- **Instructions for the task**: Could you restate the entries below word for word?

- **Recorded data**:
(* Let $M$ be an $m\times n$ Boolean measurement matrix that is $(0,0,e'_0,e'_1)$-resilient for $d$-sparse vectors. Then $m\ge d\log(n/d)-d-e'_0-O\big(e'_1\log((n-d-e'_0)/e'_1)\big)$, where the last term is defined to be zero when $e'_1=0$.
   Context: Logarithms are base 2. For $x\in\{0,1\}^n$, $\mathrm{supp}(x)$ is the set of nonzero coordinates and $x$ is $d$-sparse if $|\mathrm{supp}(x)|\le d$. For an $m\times n$ Boolean matrix $M$ and $x\in\{0,1\}^n$, $M[x]\in\{0,1\}^m$ is the bitwise OR of the columns of $M$ indexed by $\mathrm{supp}(x)$. An ordered pair $(x,y)$ of binary vectors is $(e_0,e_1)$-close if $y$ can be obtained from $x$ by flipping at most $e_0$ bits from 0 to 1 and at most $e_1$ bits from 1 to 0; otherwise $(e_0,e_1)$-far. $M$ is $(e_0,e_1,e'_0,e'_1)$-resilient for $d$-sparse vectors if for every $y\in\{0,1\}^m$ there exists $z\in\{0,1\}^n$ such that for every $d$-sparse $x$: if $(x,z)$ is $(e'_0,e'_1)$-far then $(M[x],y)$ is $(e_0,e_1)$-far. *)

From mathcomp Require Import all_boot.
From Stdlib Require Import Reals.

Set Implicit Arguments.
Unset Strict Implicit.
Unset Printing Implicit Defensive.

Definition bvec (n : nat) := 'I_n -> bool.
Definition bmatrix (m n : nat) := 'I_m -> 'I_n -> bool.

Definition supp (n : nat) (x : bvec n) : {set 'I_n} := [set i | x i].

Definition sparse (n d : nat) (x : bvec n) : bool := #|supp x| <= d.

Definition measure (m n : nat) (M : bmatrix m n) (x : bvec n) : bvec m :=
  fun i => [exists j : 'I_n, (j \in supp x) && M i j].

Definition close (n e0 e1 : nat) (x y : bvec n) : bool :=
  (#|[set i | ~~ x i && y i]| <= e0) && (#|[set i | x i && ~~ y i]| <= e1).

Definition far (n e0 e1 : nat) (x y : bvec n) : bool := ~~ close e0 e1 x y.

Definition resilient (m n : nat) (e0 e1 e0' e1' d : nat) (M : bmatrix m n) : Prop :=
  forall y : bvec m, exists z : bvec n, forall x : bvec n,
    sparse d x -> far e0' e1' x z -> far e0 e1 (measure M x) y.

Definition log2 (r : R) : R := (ln r / ln 2)%R.

From mathcomp Require Import all_boot.
From Stdlib Require Import Reals Lra.
(* Importing [Reals] rebinds [^] in [nat_scope] to [Nat.pow]; restore [expn]. *)
From mathcomp Require Import ssrnat.

Set Implicit Arguments.
Unset Strict Implicit.
Unset Printing Implicit Defensive.

(* Sort the d-subsets of the n columns by their measurement outcome, a subset of
   the m rows.  For each outcome Y, resilience yields one decoded set Z such that
   every d-subset A with outcome Y satisfies |Z \ A| <= e0' and |A \ Z| <= e1'.
   Hence |Z| <= d + e0', and A is determined by A /\ Z together with a set of at
   most e1' points outside Z, so the fibre over Y has at most
   2^|Z| * V(n - |Z|, e1') elements, where V(N, e) = sum_(k <= e) C(N, k).
   Summing over the 2^m outcomes, C(n, d) <= 2^(m + |Z|) * V(n - |Z|, e1').
   Taking logarithms, (n/d)^d <= C(n, d) gives the main term, and
   V(N, e) <= (N + e)^N / (e^e N^(N - e)) <= (e_Euler N / e)^e bounds the last
   factor.  Writing n - |Z| = (n - d - e0') + s, the excess s costs at most s
   bits, and |Z| + s = d + e0'. *)

Lemma leq_expn2r k a b : a <= b -> a ^ k <= b ^ k.
Proof. by case: k => // k; rewrite leq_exp2r. Qed.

- **The completed task**:
(* Let $M$ be an $m\times n$ Boolean measurement matrix that is $(0,0,e'_0,e'_1)$-resilient for $d$-sparse vectors. Then $m\ge d\log(n/d)-d-e'_0-O\big(e'_1\log((n-d-e'_0)/e'_1)\big)$, where the last term is defined to be zero when $e'_1=0$.
   Context: Logarithms are base 2. For $x\in\{0,1\}^n$, $\mathrm{supp}(x)$ is the set of nonzero coordinates and $x$ is $d$-sparse if $|\mathrm{supp}(x)|\le d$. For an $m\times n$ Boolean matrix $M$ and $x\in\{0,1\}^n$, $M[x]\in\{0,1\}^m$ is the bitwise OR of the columns of $M$ indexed by $\mathrm{supp}(x)$. An ordered pair $(x,y)$ of binary vectors is $(e_0,e_1)$-close if $y$ can be obtained from $x$ by flipping at most $e_0$ bits from 0 to 1 and at most $e_1$ bits from 1 to 0; otherwise $(e_0,e_1)$-far. $M$ is $(e_0,e_1,e'_0,e'_1)$-resilient for $d$-sparse vectors if for every $y\in\{0,1\}^m$ there exists $z\in\{0,1\}^n$ such that for every $d$-sparse $x$: if $(x,z)$ is $(e'_0,e'_1)$-far then $(M[x],y)$ is $(e_0,e_1)$-far. *)

From mathcomp Require Import all_boot.
From Stdlib Require Import Reals.

Set Implicit Arguments.
Unset Strict Implicit.
Unset Printing Implicit Defensive.

Definition bvec (n : nat) := 'I_n -> bool.
Definition bmatrix (m n : nat) := 'I_m -> 'I_n -> bool.

Definition supp (n : nat) (x : bvec n) : {set 'I_n} := [set i | x i].

Definition sparse (n d : nat) (x : bvec n) : bool := #|supp x| <= d.

Definition measure (m n : nat) (M : bmatrix m n) (x : bvec n) : bvec m :=
  fun i => [exists j : 'I_n, (j \in supp x) && M i j].

Definition close (n e0 e1 : nat) (x y : bvec n) : bool :=
  (#|[set i | ~~ x i && y i]| <= e0) && (#|[set i | x i && ~~ y i]| <= e1).

Definition far (n e0 e1 : nat) (x y : bvec n) : bool := ~~ close e0 e1 x y.

Definition resilient (m n : nat) (e0 e1 e0' e1' d : nat) (M : bmatrix m n) : Prop :=
  forall y : bvec m, exists z : bvec n, forall x : bvec n,
    sparse d x -> far e0' e1' x z -> far e0 e1 (measure M x) y.

Definition log2 (r : R) : R := (ln r / ln 2)%R.

From mathcomp Require Import all_boot.
From Stdlib Require Import Reals Lra.
(* Importing [Reals] rebinds [^] in [nat_scope] to [Nat.pow]; restore [expn]. *)
From mathcomp Require Import ssrnat.

Set Implicit Arguments.
Unset Strict Implicit.
Unset Printing Implicit Defensive.

(* Sort the d-subsets of the n columns by their measurement outcome, a subset of
   the m rows.  For each outcome Y, resilience yields one decoded set Z such that
   every d-subset A with outcome Y satisfies |Z \ A| <= e0' and |A \ Z| <= e1'.
   Hence |Z| <= d + e0', and A is determined by A /\ Z together with a set of at
   most e1' points outside Z, so the fibre over Y has at most
   2^|Z| * V(n - |Z|, e1') elements, where V(N, e) = sum_(k <= e) C(N, k).
   Summing over the 2^m outcomes, C(n, d) <= 2^(m + |Z|) * V(n - |Z|, e1').
   Taking logarithms, (n/d)^d <= C(n, d) gives the main term, and
   V(N, e) <= (N + e)^N / (e^e N^(N - e)) <= (e_Euler N / e)^e bounds the last
   factor.  Writing n - |Z| = (n - d - e0') + s, the excess s costs at most s
   bits, and |Z| + s = d + e0'. *)

Lemma leq_expn2r k a b : a <= b -> a ^ k <= b ^ k.
Proof. by case: k => // k; rewrite leq_exp2r. Qed.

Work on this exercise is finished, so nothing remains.